Sobre as despesas não documentadas ou confidenciais, estabelece o artigo 88.º, n.º 1, do CIRC, na redação da Lei n.º 2/2014, de 16 de Janeiro, que «as despesas não documentadas são tributadas autonomamente, à taxa de 50 %, sem prejuízo da sua não consideração como gastos nos termos da alínea b) do n.º 1 do artigo 23.º-A».
O conceito de «despesas» utilizado no artigo 88.º, n.º 1, do CIRC, não é definido neste Código e não coincide com o de «gastos», definido no artigo 23.º do CIRC (que inclui, designadamente, «perdas» e «ajustamentos»), pelo que deverá ser atribuído àquela expressão o alcance que tem na linguagem comum, de saída de dinheiro do património de uma empresa.
Não apresenta, assim, um nexo de conexão com a respetiva relevância como custos dedutíveis. Entendimento que resulta da jurisprudência do Supremo Tribunal Administrativo, como pode ver-se pelo acórdão do STA de 31-03-2016, processo n.º 0505/15, não faz depender a tributação autónoma baseada em despesas não documentadas da sua relevância como gastos para determinação do lucro tributável.
O referido acórdão, diz-nos: “O art.º 81.º do CIRC, na redacção vigente à data da tributação definia as diversas taxas que seriam utilizadas para tributação dos tipos de despesas ali enunciadas, sem haver qualquer dispositivo legal que determinasse que essa tributação só ocorreria se estas despesas houvessem sido tidas como custos fiscais da empresa para a determinação do seu lucro tributável. Admitindo-se que a finalidade da tributação autónoma apontada pela recorrente - reduzir a despesa fiscal evitando a fraude e evasão fiscais – seja um dos elementos considerados pelo legislador no estabelecimento desta regulamentação, essa finalidade não pode permitir, como aquela pretende que a interpretação do normativo em questão seja efectuada de molde a nele inserir um pressuposto legal sem qualquer assento no texto da lei, o que seria manifestamente desconforme com o disposto no art. 9.º do Código Civil.”

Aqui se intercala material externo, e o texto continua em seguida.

Lemma free_linear_eq (X : lmodType R) n (L1 L2 : ev P n -> X) :
  linear L1 -> linear L2 ->
  (forall j (H : mj j <= n) f, L1 (act P H f (x j)) = L2 (act P H f (x j))) ->
  L1 =1 L2.
Proof.
move=> l1 l2 e p; apply: (coind_transpose_inj (HP:=HP) (l1:=l1) (l2:=l2)).
apply: (free_hom_eq (coind_UGmod X n HS)
  (coind_transpose_hom HS HP l1) (coind_transpose_hom HS HP l2)) => j.
exact: coind_transpose_eq.
Qed.

Lemma free_condB : (forall j, mj j <= d) -> condB d P.
Proof.
move=> mjd W HW t [t_lin t_act].
have [T [T_hom [T_x T_uniq]]] := Px HW (fun j => t (mj j) (x j)).
have T_low n : n <= d -> T n =1 t n.
  move=> nd; apply: free_linear_eq => [||j H f].
  - exact: hom_linear.
  - by move=> a u v; apply: t_lin.
  - by rewrite (hom_act T_hom) T_x t_act.
exists T; split=> //; split=> // s s_hom s_low n p.
by apply: T_uniq => // j; apply: s_low.
Qed.

End FreeOn.

Section Descent.
Variables (P V W : UGmod S R) (be : forall n, ev P n -> ev V n).
Variable sigma : forall n, ev P n -> ev W n.
Arguments be : clear implicits.
Arguments sigma : clear implicits.
Hypotheses (be_hom : is_hom P V be) (be_onto : forall n v, exists p, be n p = v).
Arguments be_onto : clear implicits.

Definition preimage n v := proj1_sig (cid (be_onto n v)).
Arguments preimage : clear implicits.
Lemma preimageK n v : be n (preimage n v) = v.
Proof. by rewrite /preimage; case: (cid _). Qed.

(* The map induced on V by [sigma], meaningful where [sigma] kills ker be. *)
Definition descend n v := sigma n (preimage n v).
Arguments descend : clear implicits.

Definition kills_ker n := forall p, be n p = 0%R -> sigma n p = 0%R.

Lemma descendE n p : linear (sigma n) -> kills_ker n -> descend n (be n p) = sigma n p.
Proof.
move=> s_lin s_ker; apply/eqP; rewrite -subr_eq0 -(linear_funB s_lin); apply/eqP/s_ker.
by rewrite (linear_funB (hom_linear be_hom (n:=n))) preimageK subrr.
Qed.

Lemma descend_linear n : linear (sigma n) -> kills_ker n -> linear (descend n).
Proof.
move=> s_lin s_ker a u v; rewrite -{1}(preimageK u) -{1}(preimageK v).
by rewrite -(hom_linear be_hom) descendE // s_lin.
Qed.

Lemma descend_act m n (H : m <= n) f v :
  linear (sigma m) -> linear (sigma n) -> kills_ker m -> kills_ker n ->
  (forall p, sigma n (act P H f p) = act W H f (sigma m p)) ->
  descend n (act V H f v) = act W H f (descend m v).
Proof.
move=> lm ln km kn s_act; rewrite -{1}(preimageK v) -(hom_act be_hom).
by rewrite descendE.
Qed.

End Descent.

Lemma condB_coker (P0 P1 V : UGmod S R) al be :
  condB d P0 -> condB d P1 -> is_hom P1 P0 al -> is_hom P0 V be ->
  (forall n v, exists p, be n p = v) ->
  (forall n p, be n p = 0%R <-> exists q, al n q = p) -> condB d V.
Proof.
move=> B0 B1 al_hom be_hom be_onto exact W HW t t_hom.
have [tl tn] := t_hom.
have [T [T_hom [T_low T_uniq]]] := B0 W HW _ (hom_le_comp be_hom t_hom).
have T_al n q : T n (al n q) = 0%R.
  apply: (condB_hom_eq B1 HW (hom_comp al_hom T_hom) (hom0 _ HW)) => k kd {}q.
  rewrite T_low //= (proj2 (exact k _) (ex_intro _ q erefl)).
  exact: (linear_fun0 (fun a u v => tl k kd a u v)).
have T_ker n : kills_ker be T n by move=> p /exact [q <-].
have T_lin n := hom_linear T_hom (n:=n).
exists (descend T be_onto); split; [split|split].
- by move=> n; apply: descend_linear.
- by move=> m n H f v; apply: descend_act => // p; apply: (hom_act T_hom).
- by move=> n nd v; rewrite /descend T_low // preimageK.
move=> s s_hom s_low n v; rewrite -(preimageK be_onto v) descendE //.
by apply: (T_uniq _ (hom_comp be_hom s_hom)) => k kd p /=; rewrite s_low.
Qed.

O Supremo Tribunal Administrativo anteriormente entendeu, no acórdão de 07-07-2010, proferido no processo n.º 0204/10, que “tratar-se-á de encargos ou despesas suportadas pelo sujeito passivo que em termos contabilísticos afectam o resultado líquido do exercício, diminuindo-o»: a apreciação da existência ou não da devida documentação e da confidencialidade da despesa é feita tendo por objecto o acto através do qual o sujeito passivo suporta o encargo ou a despesa que é susceptível de afectar o resultado líquido do exercício, para efeitos de determinação da matéria tributável de IRC. Isto é, o encargo não estará devidamente documentado quando não houver a prova documental exigida por lei que demonstre que ele foi efectivamente suportado pelo sujeito passivo e a despesa será confidencial quando não for revelado quem recebeu a quantia em que se consubstancia a despesa.” (nosso negrito)

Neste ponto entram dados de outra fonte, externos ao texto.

Lemma contains_tupleP k n (w : n.-tuple 'I_k) :
  reflect (has_pattern (map val w)) (contains010 w || contains120 w).
Proof.
set s := map val w.
have hs : size s = n by rewrite size_map size_tuple.
have hnth (i : 'I_n) : nth 0 s i = tnth w i.
  by rewrite /s (nth_map (tnth w i)) ?size_tuple // -tnth_nth.
apply: (iffP idP).
  case/orP => /existsP [i /existsP [j /existsP [l /and4P [hij hjl heq hlt]]]];
    exists i, j, l; split; rewrite ?hs ?ltn_ord // !hnth.
    by rewrite (eqP heq) leqnn hlt.
  by rewrite (ltnW heq) hlt.
move=> [i [j [l [hij hjl hl hv]]]]; rewrite hs in hl.
pose I := Ordinal (ltn_trans hij (ltn_trans hjl hl)).
pose J := Ordinal (ltn_trans hjl hl); pose L := Ordinal hl.
rewrite -[i]/(val I) -[j]/(val J) -[l]/(val L) !hnth in hv.
case/andP: hv; case: (ltngtP (tnth w L) (tnth w I)) => // hc _ hIJ.
  apply/orP; right; apply/existsP; exists I; apply/existsP; exists J.
  by apply/existsP; exists L; rewrite /= hij hjl hc hIJ.
have E : tnth w I == tnth w L by apply/eqP/val_inj; rewrite /= hc.
apply/orP; left; apply/existsP; exists I; apply/existsP; exists J.
by apply/existsP; exists L; rewrite /= hij hjl E hc hIJ.
Qed.

Lemma e_count_avoiders n k : e_count n k = avoiders n k.
Proof.
rewrite /e_count /avoiders -sum_over_tuples cardsE -sum1_card big_mkcond /=.
apply: eq_bigr => w _; rewrite unfold_in /avoids_010_120 -negb_or.
by case: contains_tupleP; case: avoiderP.
Qed.

(* Binomial identities. *)

Definition gbin (n d : nat) : nat := 'C(n.-1, d.-1) * 'C(n + d, d.-1).

Lemma gbin_small n d : 1 <= n -> n < d -> gbin n d = 0.
Proof. by move=> h1 h2; rewrite /gbin bin_small ?mul0n //; lia. Qed.

(* Three contiguity relations of g, in n, in d, and diagonally; each is a
   product of two of the library relations mul_bin_down/left/diag. *)
Lemma gbin_shift_n p e :
  (p - e) * (p + 2) * gbin p.+1 e.+1 = p * (p + e + 2) * gbin p e.+1.
Proof.
have h1 := mul_bin_down p e; have h2 := mul_bin_down (p + e + 2) e.
rewrite (_ : p + e + 2 - e = p + 2) in h2; last by lia.
rewrite /gbin /= (_ : p.+1 + e.+1 = p + e + 2); last by lia.
rewrite (_ : p + e.+1 = (p + e + 2).-1); last by lia.
have -> : (p - e) * (p + 2) * ('C(p, e) * 'C(p + e + 2, e)) =
   ((p - e) * 'C(p, e)) * ((p + 2) * 'C(p + e + 2, e)) by lia.
by rewrite -h1 -h2; lia.
Qed.

Lemma gbin_shift_d m e :
  e.+1 ^ 2 * gbin m e.+2 = (m.-1 - e) * (m + e + 2) * gbin m e.+1.
Proof.
have h1 := mul_bin_left m.-1 e; have h2 := mul_bin_diag (m + e + 2) e.
rewrite /gbin /= (_ : m + e.+2 = m + e + 2); last by lia.
rewrite (_ : m + e.+1 = (m + e + 2).-1); last by lia.
have -> : (e.+1) ^ 2 * ('C(m.-1, e.+1) * 'C(m + e + 2, e.+1)) =
   (e.+1 * 'C(m.-1, e.+1)) * (e.+1 * 'C(m + e + 2, e.+1)) by lia.
by rewrite h1 -h2; lia.
Qed.

Lemma gbin_shift_nd p e : e.+1 ^ 2 * (p + 2) * gbin p.+1 e.+2 =
  p * (p + e + 3) * (p + e + 2) * gbin p e.+1.
Proof.
have h1 := mul_bin_diag p e; have h2 := mul_bin_diag (p + e + 3) e.
have h3 := mul_bin_down (p + e + 2) e.
rewrite (_ : (p + e + 3).-1 = p + e + 2) in h2; last by lia.
rewrite (_ : p + e + 2 - e = p + 2) in h3; last by lia.
rewrite /gbin /= (_ : p.+1 + e.+2 = p + e + 3); last by lia.
rewrite (_ : p + e.+1 = (p + e + 2).-1); last by lia.
have -> : (e.+1) ^ 2 * (p + 2) * ('C(p, e.+1) * 'C(p + e + 3, e.+1)) =
   (e.+1 * 'C(p, e.+1)) * ((p + 2) * (e.+1 * 'C(p + e + 3, e.+1))) by lia.
rewrite -h1 -h2.
have -> : p * 'C(p.-1, e) * ((p + 2) * ((p + e + 3) * 'C(p + e + 2, e))) =
   p * 'C(p.-1, e) * (p + e + 3) * ((p + 2) * 'C(p + e + 2, e)) by lia.
by rewrite -h3; lia.
Qed.

Lemma sum_bin_upper m p : \sum_(a < m.+1) 'C(a, p) = 'C(m.+1, p.+1).
Proof.
elim: m => [|m IH]; first by rewrite big_ord1 binS bin0n /=; case: p.
by rewrite big_ord_recr /= IH [in RHS]binS.
Qed.

Lemma sum_bin_upper_conv m p q :
  \sum_(a < m.+1) 'C(a, p) * 'C(m - a, q) = 'C(m.+1, (p + q).+1).
Proof.
elim: m q => [|m IH] [|q].
- by rewrite big_ord1 /= binS !bin0n; case: p.
- by rewrite big_ord1 /= binS !bin0n; case: p.
- by rewrite addn0 -sum_bin_upper; apply: eq_bigr => a _; rewrite bin0 muln1.
rewrite big_ord_recr /= subnn bin0n muln0 addn0.
rewrite (eq_bigr (fun a : 'I_m.+1 =>
  'C(a, p) * 'C(m - a, q.+1) + 'C(a, p) * 'C(m - a, q))) => [|a _].
  by rewrite big_split /= !IH addnS binS.
by rewrite subSn ?binS ?mulnDr // -ltnS.
Qed.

No mesmo sentido, veja-se, o Acórdão do Supremo Tribunal Administrativo de 19/04/2017 processo nº01320/16, o qual decidiu “não era possível efectuar uma tributação autónoma de tais despesas, insuficientemente documentadas porque a insuficiência da documentação não é legalmente equiparada à ausência de documentação das despesas. A terminologia empregue no art.º 23.º e 81.º é suficientemente esclarecedora de que o legislador estabeleceu diferença entre encargos não devidamente documentados e despesas não documentadas, reservando esta qualificação para as despesas que careçam em absoluto de comprovativo documental.”

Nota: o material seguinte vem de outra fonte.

(* The set $\mathcal{P}_{\mathrm{fin}}(I)$ of finite subsets of $I$ is a quantifier-free definable subset of the structure $\mathcal{L}(I)$.
   Context: Let $I$ be a dense linear order with left endpoint $0$ and no right endpoint. Let $\mathcal{P}_{\mathrm{fci}}(I)$ be the set of finite unions of closed intervals $[i,j]$, $[i,+\infty)$, $(-\infty,j]$ of $I$. $\mathcal{L}(I)$ is the structure with universe $\mathcal{P}_{\mathrm{fci}}(I)$ in the signature $\{\cup,\cap,\bot,c_0,\min,\max,l,r\}$, interpreted as follows. - $\cup$ and $\cap$ are union and intersection. - $\bot$ is $\emptyset$, and $c_0$ is $\{0\}$. - $\min(A)$ is the singleton of the least element of $A$, with $\min(\emptyset)=\emptyset$. - $\max(A)$ is the singleton of the greatest element when $A$ is nonempty and bounded, and $\emptyset$ otherwise. - $l(A)$ and $r(A)$ are the sets of left and right endpoints of $A$. Left endpoints are the minima of the maximal closed intervals composing $A$. Right endpoints are the maxima of the bounded ones. *)

From HB Require Import structures.
From mathcomp Require Import all_boot all_order.
From mathcomp Require Import boolp classical_sets cardinality.
Set Implicit Arguments. Unset Strict Implicit. Unset Printing Implicit Defensive.
Import Order.TTheory.
Local Open Scope classical_set_scope.
Local Open Scope order_scope.

Section LI.
Context {d : Order.disp_t} {T : orderType d}.

Definition dlo_left_endpoint (z0 : T) : Prop :=
  [/\ (forall x y : T, x < y -> exists z, x < z /\ z < y),
      (forall x : T, z0 <= x) &
      (forall x : T, exists y, x < y)].

Definition is_cint (J : set T) : Prop :=
  (exists i j, i <= j /\ J = [set x | i <= x /\ x <= j]) \/
  (exists i, J = [set x | i <= x]) \/
  (exists j, J = [set x | x <= j]).

Definition is_fci (A : set T) : Prop :=
  exists (n : nat) (F : nat -> set T),
    (forall k, (k < n)%N -> is_cint (F k)) /\
    A = \bigcup_(k in [set k | (k < n)%N]) F k.

Definition least (A : set T) (x : T) : Prop := A x /\ forall y, A y -> x <= y.
Definition greatest (A : set T) (x : T) : Prop := A x /\ forall y, A y -> y <= x.

Definition Lmin (A : set T) : set T := [set x | least A x].
Definition Lmax (A : set T) : set T := [set x | greatest A x].

Definition max_cint (A J : set T) : Prop :=
  is_cint J /\ J `<=` A /\ (forall K, is_cint K -> J `<=` K -> K `<=` A -> K = J).

Definition Lleft (A : set T) : set T :=
  [set x | exists J, max_cint A J /\ least J x].
Definition Lright (A : set T) : set T :=
  [set x | exists J, max_cint A J /\ greatest J x].

End LI.

Inductive lterm : Type :=
| TVar
| TBot
| TC0
| TCup of lterm & lterm
| TCap of lterm & lterm
| TMin of lterm
| TMax of lterm
| TL of lterm
| TR of lterm.

Inductive qf_formula : Type :=
| FTrue
| FEq of lterm & lterm
| FNot of qf_formula
| FAnd of qf_formula & qf_formula
| FOr of qf_formula & qf_formula.

Section Sem.
Context {d : Order.disp_t} {T : orderType d} (z0 : T).

Fixpoint eval_term (t : lterm) (A : set T) : set T :=
  match t with
  | TVar => A
  | TBot => set0
  | TC0 => [set z0]
  | TCup t1 t2 => eval_term t1 A `|` eval_term t2 A
  | TCap t1 t2 => eval_term t1 A `&` eval_term t2 A
  | TMin t1 => Lmin (eval_term t1 A)
  | TMax t1 => Lmax (eval_term t1 A)
  | TL t1 => Lleft (eval_term t1 A)
  | TR t1 => Lright (eval_term t1 A)
  end.

Fixpoint holds (f : qf_formula) (A : set T) : Prop :=
  match f with
  | FTrue => True
  | FEq t1 t2 => eval_term t1 A = eval_term t2 A
  | FNot g => ~ holds g A
  | FAnd g h => holds g A /\ holds h A
  | FOr g h => holds g A \/ holds h A
  end.
End Sem.

(* In a dense order a finite union of closed intervals is finite exactly when
   it contains no nondegenerate segment [i, j], i.e. when all its components
   are points; so the formula A = l(A) defines the finite sets.  A finite set
   misses a point of every nondegenerate segment, hence each of its points is a
   maximal interval [x, x] and a left endpoint.  Conversely, if A = l(A) and
   [i, j] is contained in A, pick y strictly between i and j: y is the least
   element of a maximal interval J of A, and J together with [i, y] is a larger
   closed interval inside A, contradicting maximality. *)
From mathcomp Require Import all_boot all_order.
From mathcomp Require Import boolp classical_sets cardinality.
Import Order.TTheory.
Local Open Scope classical_set_scope.
Local Open Scope order_scope.

Section Segments.
Context {d : Order.disp_t} {T : orderType d}.

Definition seg (i j : T) : set T := [set x | i <= x /\ x <= j].

Definition seg_free (A : set T) : Prop := forall i j, i < j -> ~ seg i j `<=` A.

Lemma subset1_finite (K : set T) : is_subset1 K -> finite_set K.
Proof.
move=> K1; have [[x Kx]|/set0P/negP/negbNE/eqP->] := pselect (K !=set0).
  by apply: (sub_finite_set _ (finite_set1 x)) => y Ky; exact: K1.
exact: finite_set0.
Qed.

Lemma is_cint_seg_sub {K : set T} {p q : T} :
  is_cint K -> K p -> K q -> seg p q `<=` K.
Proof.
case=> [[i [j [_ ->]]]|[[i ->]|[j ->]]] /= Kp Kq t [pt tq].
- by case: Kp Kq => [ip _] [_ qj]; split; [apply: le_trans pt | apply: le_trans qj].
- exact: le_trans pt.
- exact: le_trans Kq.
Qed.

Lemma is_cint_setU_seg (J : set T) i y :
  is_cint J -> J y -> i <= y -> is_cint (J `|` seg i y).
Proof.
case=> [[a [b [ab ->]]]|[[a ->]|[b ->]]] /= Jy iy.
- left; exists (Order.min a i), b; split; first by rewrite ge_min ab.
  apply/seteqP; split => x /=.
    case=> [[ax xb]|[ix xy]]; first by rewrite ge_min ax.
    by rewrite ge_min ix orbT; split=> //; apply: le_trans Jy.2.
  rewrite ge_min => -[/orP[ax|ix] xb]; first by left.
  have [ax|xa] := leP a x; first by left.
  by right; split=> //; apply: le_trans (ltW xa) Jy.1.
- right; left; exists (Order.min a i); apply/seteqP; split => x /=.
    by case=> [ax|[ix _]]; rewrite ge_min ?ax ?ix ?orbT.
  rewrite ge_min => /orP[ax|ix]; first by left.
  have [ax|xa] := leP a x; first by left.
  by right; split=> //; apply: le_trans (ltW xa) Jy.
- right; right; exists b; apply/seteqP; split => x /=; last by left.
  by case=> // -[_ xy]; apply: le_trans Jy.
Qed.

Lemma seg_free_cint_subset1 {A K : set T} :
  seg_free A -> is_cint K -> K `<=` A -> is_subset1 K.
Proof.
move=> Afree cK KA x y Kx Ky.
have noseg p q : K p -> K q -> ~ p < q.
  by move=> Kp Kq pq; apply: (Afree p q pq) => t /(is_cint_seg_sub cK Kp Kq) /KA.
by apply/eqP; rewrite eq_le !leNgt; apply/andP; split; apply/negP; apply: noseg.
Qed.

Lemma fci_seg_free_finite {A : set T} : is_fci A -> seg_free A -> finite_set A.
Proof.
move=> [n [F [Fc ->]]] Afree; apply: bigcup_finite => [|k kn]; first exact: finite_II.
apply/subset1_finite; apply: (seg_free_cint_subset1 Afree (Fc k kn)).
by move=> x Fx; exists k.
Qed.

Lemma Lleft_sub (A : set T) : Lleft A `<=` A.
Proof. by move=> x [J [[_ [JA _]] [Jx _]]]; exact: JA. Qed.

Lemma seg_free_max_cint (A : set T) x :
  seg_free A -> A x -> max_cint A (seg x x).
Proof.
move=> Afree Ax; have xx : seg x x x by split.
have seg_xx y : seg x x y -> y = x by move=> [xy yx]; apply/eqP; rewrite eq_le yx xy.
split; first by left; exists x, x.
split; first by move=> y /seg_xx ->.
move=> K cK xK KA; apply/seteqP; split => [y Ky|]; last exact: xK.
suff -> : y = x by [].
exact: (seg_free_cint_subset1 Afree cK KA y x Ky (xK x xx)).
Qed.

Lemma seg_free_Lleft {A : set T} : seg_free A -> Lleft A = A.
Proof.
move=> Afree; apply/seteqP; split; first exact: Lleft_sub.
move=> x Ax; exists (seg x x); split; first exact: seg_free_max_cint.
by split=> [|y []].
Qed.

Section Dense.
Hypothesis dense : forall x y : T, x < y -> exists z, x < z /\ z < y.

Lemma dense_seg_notin (s : seq T) {p q : T} :
  p < q -> exists x, [/\ p < x, x <= q & x \notin s].
Proof.
elim: s p q => [|a s IH] p q pq; first by exists q; rewrite pq lexx.
have [/andP[pa aq]|na] := boolP ((p < a) && (a <= q)).
  have [y [py ya]] := dense _ _ pa.
  have [x [px xy xs]] := IH _ _ py.
  have xa := le_lt_trans xy ya.
  exists x; split => //; first exact: le_trans (ltW xa) aq.
  by rewrite in_cons negb_or xs andbT; apply: contraTneq xa => ->; rewrite ltxx.
have [x [px xq xs]] := IH _ _ pq.
exists x; split => //; rewrite in_cons negb_or xs andbT.
by apply: contraNneq na => <-; rewrite px xq.
Qed.

Lemma finite_seg_free {A : set T} : finite_set A -> seg_free A.
Proof.
move=> /finite_seqP [s ->] p q pq sub.
have [x [px xq xs]] := dense_seg_notin s pq.
have : [set` s] x by apply: sub; split=> //; apply: ltW.
by rewrite /= (negbTE xs).
Qed.

Lemma Lleft_id_seg_free {A : set T} : Lleft A = A -> seg_free A.
Proof.
move=> AL i j ij sub; have [y [iy yj]] := dense _ _ ij.
have [J [[cJ [JA Jmax]] [Jy Jleast]]] : Lleft A y.
  by rewrite AL; apply: sub; split; apply: ltW.
have iyA : seg i y `<=` A.
  by move=> x [ix xy]; apply: sub; split=> //; apply: le_trans (ltW yj).
have JiJ : J `|` seg i y = J.
  apply: Jmax; first exact: is_cint_setU_seg (ltW iy).
    exact: subsetUl.
  by move=> x [/JA|/iyA].
have Ji : J i by rewrite -JiJ; right; split=> //; apply: ltW.
by have := Jleast i Ji; rewrite leNgt iy.
Qed.

End Dense.
End Segments.

Theorem proposition5p1 (d : Order.disp_t) (T : orderType d) (z0 : T) :
  dlo_left_endpoint z0 ->
  exists phi : qf_formula,
    forall A : set T, is_fci A -> (holds z0 phi A <-> finite_set A).
Proof.
move=> [dense _ _]; exists (FEq TVar (TL TVar)) => A Afci /=; split.
- by move=> /esym /(Lleft_id_seg_free dense) /(fci_seg_free_finite Afci).
- by move=> /(finite_seg_free dense) /seg_free_Lleft ->.
Qed.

Neste sentido, a jurisprudência arbitral já se pronunciou sobre a temática, na qual relevamos o processo n.º 486/2019-T, cuja fundamentação nos diz: “As despesas em questão são tributadas apenas porque são efectuadas, havendo mesmo a cargo do contribuinte a obrigação de as tornar aparentes na sua declaração de rendimentos. Se todas ou parte delas poderiam ter sido consideradas como custos da empresa para efeitos da determinação do seu lucro tributável, aumentando a despesa fiscal com a consequente diminuição do lucro tributável, e a empresa por decisão consciente, ou esquecimento, não as considerou desse modo na sua declaração de rendimentos, nem por isso, elas perdem a sua natureza de despesas tributáveis em sede de tributação autónoma, que, por definição é uma tributação destacável da tributação em sede de IRC.”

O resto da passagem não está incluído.